Na BIOS a opção de por a 32bits está disable, não haverá problema se fizer o enable disso?

----------

## pilla

 *iTT wrote:*   

>  *Quote:*   #depois, verifica se continua o IO a 16 bits 
> 
> Na BIOS a opção de por a 32bits está disable, não haverá problema se fizer o enable disso?

 

A principio nao, a nao ser que teu disco seja muito antigo (acho).

Já quanto a desabilitar "generic/default IDE chipset support", não creio que faça qualquer diferença.

----------

## iTT

 *pilla wrote:*   

> 
> 
> Já quanto a desabilitar "generic/default IDE chipset support", não creio que faça qualquer diferença.

 

Ao que parece fez alguma diferença. Já tenho o DMA activo.

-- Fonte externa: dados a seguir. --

Definition kron (C : numClosedFieldType) m1 n1 m2 n2
  (A : 'M[C]_(m1, n1)) (B : 'M[C]_(m2, n2)) : 'M[C]_(m1 * m2, n1 * n2) :=
  \sum_(i < m1) \sum_(j < n1) \sum_(k < m2) \sum_(l < n2)
     (A i j * B k l) *: delta_mx (mxvec_index i k) (mxvec_index j l).

Definition ket (C : numClosedFieldType) (a b : 'I_2) : 'cV[C]_(2 * 2) :=
  delta_mx (mxvec_index a b) 0.

Definition q0 : 'I_2 := ord0.
Definition q1 : 'I_2 := ord_max.

Definition PhiP (C : numClosedFieldType) : 'cV[C]_(2 * 2) :=
  (sqrtC (2 : C))^-1 *: (ket C q0 q0 + ket C q1 q1).
Definition PhiM (C : numClosedFieldType) : 'cV[C]_(2 * 2) :=
  (sqrtC (2 : C))^-1 *: (ket C q0 q0 - ket C q1 q1).

Definition proj (C : numClosedFieldType) n (v : 'cV[C]_n) : 'M[C]_n := v *m adj v.

Definition unit_vec (C : numClosedFieldType) n (v : 'cV[C]_n) : Prop :=
  (adj v *m v) 0 0 = 1.

Definition in_span2 (C : numClosedFieldType) n (u w v : 'cV[C]_n) : Prop :=
  exists a b : C, v = a *: u + b *: w.

Definition sigma1 (C : numClosedFieldType) (alpha : C) : 'M[C]_(2 * 2) :=
  alpha *: proj (PhiP C) + (1 - alpha) *: proj (ket C q0 q1).
Definition sigma2 (C : numClosedFieldType) (beta : C) : 'M[C]_(2 * 2) :=
  beta *: proj (PhiM C) + (1 - beta) *: proj (ket C q1 q0).

Definition pair2 (T : Type) (x y : T) : 'I_2 -> T :=
  fun i => if val i == 0%N then x else y.

Definition sep_op (C : numClosedFieldType) (M : 'M[C]_(2 * 2)) : Prop :=
  exists (N : nat) (A B : 'I_N -> 'M[C]_2),
    (forall r, psd (A r) /\ psd (B r)) /\ M = \sum_(r < N) kron (A r) (B r).

Definition sep_perfect (C : numClosedFieldType) k (rho : 'I_k -> 'M[C]_(2 * 2)) : Prop :=
  exists Pi : 'I_k -> 'M[C]_(2 * 2),
    (\sum_(i < k) Pi i = 1%:M) /\ (forall i, sep_op (Pi i)) /\
    (forall i j, \tr (Pi i *m rho j) = (i == j)%:R).

(* ---------- (finite-round) LOCC protocols ----------
   A protocol is a finite tree: at each node Alice (resp. Bob) performs a
   local measurement with Kraus operators K_0..K_{m-1} on her (his) qubit,
   the outcome is broadcast, and the protocol continues; leaves announce
   the guess in 'I_k. *)
Inductive locc_tree (C : Type) (k : nat) : Type :=
| LLeaf : 'I_k -> locc_tree C k
| LAlice (m : nat) : ('I_m -> 'M[C]_2) -> ('I_m -> locc_tree C k) -> locc_tree C k
| LBob (m : nat) : ('I_m -> 'M[C]_2) -> ('I_m -> locc_tree C k) -> locc_tree C k.

Fixpoint locc_wf (C : numClosedFieldType) k (t : locc_tree C k) : Prop :=
  match t with
  | LLeaf _ => True
  | LAlice m K nx => \sum_(j < m) adj (K j) *m K j = 1%:M /\ forall j, locc_wf (nx j)
  | LBob m K nx => \sum_(j < m) adj (K j) *m K j = 1%:M /\ forall j, locc_wf (nx j)
  end.

(* POVM element of outcome i implemented by the protocol *)
Fixpoint locc_effect (C : numClosedFieldType) k (t : locc_tree C k) (i : 'I_k)
  : 'M[C]_(2 * 2) :=
  match t with
  | LLeaf l => if l == i then 1%:M else 0
  | LAlice m K nx => \sum_(j < m)
      adj (kron (K j) (1%:M : 'M[C]_2)) *m locc_effect (nx j) i *m kron (K j) (1%:M : 'M[C]_2)
  | LBob m K nx => \sum_(j < m)
      adj (kron (1%:M : 'M[C]_2) (K j)) *m locc_effect (nx j) i *m kron (1%:M : 'M[C]_2) (K j)
  end.

Definition locc_perfect (C : numClosedFieldType) k (rho : 'I_k -> 'M[C]_(2 * 2)) : Prop :=
  exists t : locc_tree C k, locc_wf t /\
    forall i j, \tr (locc_effect t i *m rho j) = (i == j)%:R.

(* If Alice
   measures in an orthonormal basis (w, w'), Bob's conditional states for psi1
   and psi2 have an overlap that, as a function of Alice's vector, is a
   traceless triangular form; a unit isotropic vector w of it gives a basis
   (w, perp w) of isotropic vectors, after which Bob's two conditional states
   are orthogonal and a suitable basis of Bob's qubit separates them.

   Part (ii)-(iii): effects of LOCC protocols are separable, so it suffices to
   rule out separable POVMs. A positive product operator A (x) B annihilating
   sigma1 or sigma2 has zero weight on |00><00| (a 2x2 positivity argument on
   the Bell-state expectation); hence both POVM elements vanish at that entry,
   contradicting that they sum to the identity. *)
From HB Require Import structures.
From mathcomp Require Import all_boot all_order all_algebra.
From mathcomp Require Import ring.
Set Implicit Arguments. Unset Strict Implicit. Unset Printing Implicit Defensive.
Import Order.TTheory GRing.Theory Num.Theory.
Local Open Scope ring_scope.

Section AdjointKronecker.
Variable C : numClosedFieldType.

Lemma conjCD (x y : C) : (x + y)^* = x^* + y^*. Proof. exact: rmorphD. Qed.
Lemma conjCN (x : C) : (- x)^* = - x^*. Proof. exact: rmorphN. Qed.
Lemma conjCM (x y : C) : (x * y)^* = x^* * y^*. Proof. exact: rmorphM. Qed.

Lemma mxvec_index_eq m n (i i' : 'I_m) (j j' : 'I_n) :
  (mxvec_index i j == mxvec_index i' j') = (i == i') && (j == j').
Proof.
by rewrite /mxvec_index (inj_eq (@cast_ord_inj _ _ _)) (inj_eq enum_rank_inj) xpair_eqE.
Qed.

Lemma sum_mxvec m n (F : 'I_(m * n) -> C) :
  \sum_(r < m * n) F r = \sum_(a < m) \sum_(b < n) F (mxvec_index a b).
Proof.
rewrite (reindex _ (curry_mxvec_bij _ _)) /= pair_bigA /=.
by apply: eq_bigr => [[a b]].
Qed.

Quanto ao disco, é recente, tem ano e meio, e é de um portatil.

----------

## pilla

 *iTT wrote:*   

>  *pilla wrote:*   
> 
> Já quanto a desabilitar "generic/default IDE chipset support", não creio que faça qualquer diferença. 
> 
> Ao que parece fez alguma diferença. Já tenho o DMA activo.
> ...

 

Eu experimentei no meu e nao fez (também um portátil).

----------

## To

Não faz mesmo qq tipo de diferença. E já agora... *só* tens 512M de RAM?!..

O material informático anda barato por essas zonas  :Wink: 

Tó

----------